** Work task **
Would you return the lines between the one holding "wa_B : B \notin t;" and the one holding "wa_incr : forall", inclusive, and only those, exactly as they stand in the listing below?
---*---
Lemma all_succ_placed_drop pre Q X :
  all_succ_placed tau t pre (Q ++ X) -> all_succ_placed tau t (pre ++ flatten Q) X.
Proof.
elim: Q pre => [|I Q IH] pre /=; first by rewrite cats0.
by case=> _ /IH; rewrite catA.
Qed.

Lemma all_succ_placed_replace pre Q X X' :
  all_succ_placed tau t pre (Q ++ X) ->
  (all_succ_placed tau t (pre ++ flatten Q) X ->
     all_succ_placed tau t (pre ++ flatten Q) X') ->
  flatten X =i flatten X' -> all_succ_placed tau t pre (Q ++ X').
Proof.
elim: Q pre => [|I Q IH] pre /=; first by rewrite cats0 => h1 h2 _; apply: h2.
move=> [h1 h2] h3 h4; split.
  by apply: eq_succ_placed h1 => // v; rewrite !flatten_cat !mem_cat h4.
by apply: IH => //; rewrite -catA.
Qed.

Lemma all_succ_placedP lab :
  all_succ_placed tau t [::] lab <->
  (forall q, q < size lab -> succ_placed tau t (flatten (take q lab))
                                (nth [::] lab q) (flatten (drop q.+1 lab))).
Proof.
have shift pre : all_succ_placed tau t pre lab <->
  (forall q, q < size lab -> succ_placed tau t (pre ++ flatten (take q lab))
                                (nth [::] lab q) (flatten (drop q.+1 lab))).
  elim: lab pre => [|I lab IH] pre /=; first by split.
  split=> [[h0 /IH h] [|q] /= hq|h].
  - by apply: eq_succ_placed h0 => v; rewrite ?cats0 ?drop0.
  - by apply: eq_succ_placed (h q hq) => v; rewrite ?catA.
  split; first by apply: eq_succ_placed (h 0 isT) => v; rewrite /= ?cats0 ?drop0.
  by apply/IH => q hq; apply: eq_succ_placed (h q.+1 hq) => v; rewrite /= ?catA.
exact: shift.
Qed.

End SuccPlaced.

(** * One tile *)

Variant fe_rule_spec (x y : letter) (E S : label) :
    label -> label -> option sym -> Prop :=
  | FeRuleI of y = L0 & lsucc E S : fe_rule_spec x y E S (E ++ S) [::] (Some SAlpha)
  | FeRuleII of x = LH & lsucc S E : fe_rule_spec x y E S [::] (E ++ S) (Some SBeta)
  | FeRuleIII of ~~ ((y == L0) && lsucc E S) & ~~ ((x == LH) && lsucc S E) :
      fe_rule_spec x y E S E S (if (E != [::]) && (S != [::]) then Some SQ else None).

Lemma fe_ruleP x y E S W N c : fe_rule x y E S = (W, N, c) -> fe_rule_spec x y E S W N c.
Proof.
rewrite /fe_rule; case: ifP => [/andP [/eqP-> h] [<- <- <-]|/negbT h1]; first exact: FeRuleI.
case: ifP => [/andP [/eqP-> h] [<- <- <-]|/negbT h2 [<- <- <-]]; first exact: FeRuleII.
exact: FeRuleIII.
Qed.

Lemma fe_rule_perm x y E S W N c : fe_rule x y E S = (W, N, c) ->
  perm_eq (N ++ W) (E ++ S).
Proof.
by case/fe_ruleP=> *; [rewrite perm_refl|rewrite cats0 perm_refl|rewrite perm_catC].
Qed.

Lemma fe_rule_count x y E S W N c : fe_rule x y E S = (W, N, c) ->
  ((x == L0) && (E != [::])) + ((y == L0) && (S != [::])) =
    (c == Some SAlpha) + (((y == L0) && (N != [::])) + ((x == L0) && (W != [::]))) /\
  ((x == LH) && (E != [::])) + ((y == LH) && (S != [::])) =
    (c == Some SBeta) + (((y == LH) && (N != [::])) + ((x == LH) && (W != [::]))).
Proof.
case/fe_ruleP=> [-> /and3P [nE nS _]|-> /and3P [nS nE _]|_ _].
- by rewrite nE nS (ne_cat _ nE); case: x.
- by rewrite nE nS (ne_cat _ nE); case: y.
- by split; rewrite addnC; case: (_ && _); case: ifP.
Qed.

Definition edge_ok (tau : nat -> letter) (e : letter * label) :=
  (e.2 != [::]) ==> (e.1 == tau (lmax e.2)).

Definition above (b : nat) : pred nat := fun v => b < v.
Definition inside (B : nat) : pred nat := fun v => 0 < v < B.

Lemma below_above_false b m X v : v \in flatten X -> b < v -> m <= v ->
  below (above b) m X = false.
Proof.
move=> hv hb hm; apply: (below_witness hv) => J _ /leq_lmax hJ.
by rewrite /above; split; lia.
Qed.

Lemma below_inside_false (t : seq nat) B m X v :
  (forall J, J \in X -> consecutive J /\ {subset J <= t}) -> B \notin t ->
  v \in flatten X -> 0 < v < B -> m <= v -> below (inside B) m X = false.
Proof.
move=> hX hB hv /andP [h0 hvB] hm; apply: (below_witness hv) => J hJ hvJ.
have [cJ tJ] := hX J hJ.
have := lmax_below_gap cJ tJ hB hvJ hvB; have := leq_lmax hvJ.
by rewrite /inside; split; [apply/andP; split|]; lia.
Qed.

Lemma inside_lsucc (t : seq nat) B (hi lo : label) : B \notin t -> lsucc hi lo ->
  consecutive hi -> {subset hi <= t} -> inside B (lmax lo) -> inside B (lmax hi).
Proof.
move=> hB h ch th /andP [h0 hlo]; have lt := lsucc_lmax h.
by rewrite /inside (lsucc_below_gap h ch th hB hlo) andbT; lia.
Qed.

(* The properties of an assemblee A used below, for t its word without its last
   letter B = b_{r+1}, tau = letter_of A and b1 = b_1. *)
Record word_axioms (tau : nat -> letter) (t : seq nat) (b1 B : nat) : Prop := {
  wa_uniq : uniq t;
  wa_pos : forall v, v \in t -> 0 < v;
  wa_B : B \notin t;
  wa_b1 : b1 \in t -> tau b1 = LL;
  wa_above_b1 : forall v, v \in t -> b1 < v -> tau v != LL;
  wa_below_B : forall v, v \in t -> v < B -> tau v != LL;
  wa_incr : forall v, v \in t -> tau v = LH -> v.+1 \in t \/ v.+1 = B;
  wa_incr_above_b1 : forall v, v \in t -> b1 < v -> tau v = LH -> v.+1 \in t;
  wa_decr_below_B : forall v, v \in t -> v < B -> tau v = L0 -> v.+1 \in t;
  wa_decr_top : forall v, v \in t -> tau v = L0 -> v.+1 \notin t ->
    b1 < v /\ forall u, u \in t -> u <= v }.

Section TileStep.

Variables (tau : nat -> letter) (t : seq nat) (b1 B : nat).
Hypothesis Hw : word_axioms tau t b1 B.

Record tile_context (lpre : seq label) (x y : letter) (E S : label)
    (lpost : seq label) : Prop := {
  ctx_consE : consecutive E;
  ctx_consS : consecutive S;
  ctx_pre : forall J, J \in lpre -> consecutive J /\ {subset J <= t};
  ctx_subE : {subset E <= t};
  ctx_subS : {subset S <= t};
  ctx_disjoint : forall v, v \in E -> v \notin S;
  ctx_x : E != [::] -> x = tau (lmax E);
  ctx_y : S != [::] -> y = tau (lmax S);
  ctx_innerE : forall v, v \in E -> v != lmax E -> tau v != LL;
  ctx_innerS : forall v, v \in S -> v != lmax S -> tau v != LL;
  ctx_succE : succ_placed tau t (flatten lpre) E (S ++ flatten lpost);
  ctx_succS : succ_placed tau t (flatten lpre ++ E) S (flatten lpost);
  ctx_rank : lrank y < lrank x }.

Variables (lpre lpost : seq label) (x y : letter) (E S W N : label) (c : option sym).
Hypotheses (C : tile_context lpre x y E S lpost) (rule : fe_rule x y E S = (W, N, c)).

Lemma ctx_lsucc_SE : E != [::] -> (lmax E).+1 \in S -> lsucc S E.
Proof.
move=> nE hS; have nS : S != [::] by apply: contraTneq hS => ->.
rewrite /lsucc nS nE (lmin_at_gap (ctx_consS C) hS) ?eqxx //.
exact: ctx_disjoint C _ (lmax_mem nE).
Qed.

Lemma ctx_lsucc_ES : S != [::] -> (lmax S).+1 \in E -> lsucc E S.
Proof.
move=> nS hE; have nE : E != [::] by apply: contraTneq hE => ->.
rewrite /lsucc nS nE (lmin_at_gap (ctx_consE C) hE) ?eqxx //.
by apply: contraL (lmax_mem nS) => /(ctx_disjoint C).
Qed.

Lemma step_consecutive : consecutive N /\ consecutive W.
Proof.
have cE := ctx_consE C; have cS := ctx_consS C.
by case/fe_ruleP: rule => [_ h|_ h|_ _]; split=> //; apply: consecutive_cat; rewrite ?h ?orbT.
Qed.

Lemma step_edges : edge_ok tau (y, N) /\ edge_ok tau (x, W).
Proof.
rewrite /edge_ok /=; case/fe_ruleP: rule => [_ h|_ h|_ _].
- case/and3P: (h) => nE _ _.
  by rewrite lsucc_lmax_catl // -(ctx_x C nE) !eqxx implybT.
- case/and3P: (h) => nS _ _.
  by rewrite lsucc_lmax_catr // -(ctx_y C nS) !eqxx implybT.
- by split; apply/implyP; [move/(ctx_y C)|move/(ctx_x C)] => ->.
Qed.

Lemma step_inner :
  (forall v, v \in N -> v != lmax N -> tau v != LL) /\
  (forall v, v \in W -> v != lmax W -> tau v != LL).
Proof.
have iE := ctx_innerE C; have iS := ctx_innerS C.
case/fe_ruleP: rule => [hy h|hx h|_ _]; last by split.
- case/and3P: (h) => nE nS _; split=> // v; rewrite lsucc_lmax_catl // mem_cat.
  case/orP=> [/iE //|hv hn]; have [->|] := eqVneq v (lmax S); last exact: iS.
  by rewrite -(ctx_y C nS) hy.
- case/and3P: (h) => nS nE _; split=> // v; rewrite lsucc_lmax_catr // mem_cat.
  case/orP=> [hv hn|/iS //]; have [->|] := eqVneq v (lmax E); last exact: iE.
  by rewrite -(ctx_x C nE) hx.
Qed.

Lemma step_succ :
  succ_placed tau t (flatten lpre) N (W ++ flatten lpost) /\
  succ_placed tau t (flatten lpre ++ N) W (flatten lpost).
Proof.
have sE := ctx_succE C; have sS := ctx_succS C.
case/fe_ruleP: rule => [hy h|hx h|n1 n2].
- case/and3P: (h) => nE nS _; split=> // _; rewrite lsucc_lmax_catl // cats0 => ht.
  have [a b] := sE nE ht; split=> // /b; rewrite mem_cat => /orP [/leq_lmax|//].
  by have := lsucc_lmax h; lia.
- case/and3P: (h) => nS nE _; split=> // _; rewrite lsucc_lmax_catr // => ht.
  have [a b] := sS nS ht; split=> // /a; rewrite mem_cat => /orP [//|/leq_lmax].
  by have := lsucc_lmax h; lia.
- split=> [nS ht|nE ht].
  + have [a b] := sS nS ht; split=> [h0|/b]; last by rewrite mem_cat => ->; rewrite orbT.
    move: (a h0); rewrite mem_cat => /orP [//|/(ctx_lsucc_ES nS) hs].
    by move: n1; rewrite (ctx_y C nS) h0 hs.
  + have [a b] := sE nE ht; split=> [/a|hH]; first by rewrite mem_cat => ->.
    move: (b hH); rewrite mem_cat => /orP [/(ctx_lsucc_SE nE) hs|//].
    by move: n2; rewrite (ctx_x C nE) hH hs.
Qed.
---*---
** Response area **
  wa_B : B \notin t;
  wa_b1 : b1 \in t -> tau b1 = LL;
  wa_above_b1 : forall v, v \in t -> b1 < v -> tau v != LL;
  wa_below_B : forall v, v \in t -> v < B -> tau v != LL;
  wa_incr : forall v, v \in t -> tau v = LH -> v.+1 \in t \/ v.+1 = B;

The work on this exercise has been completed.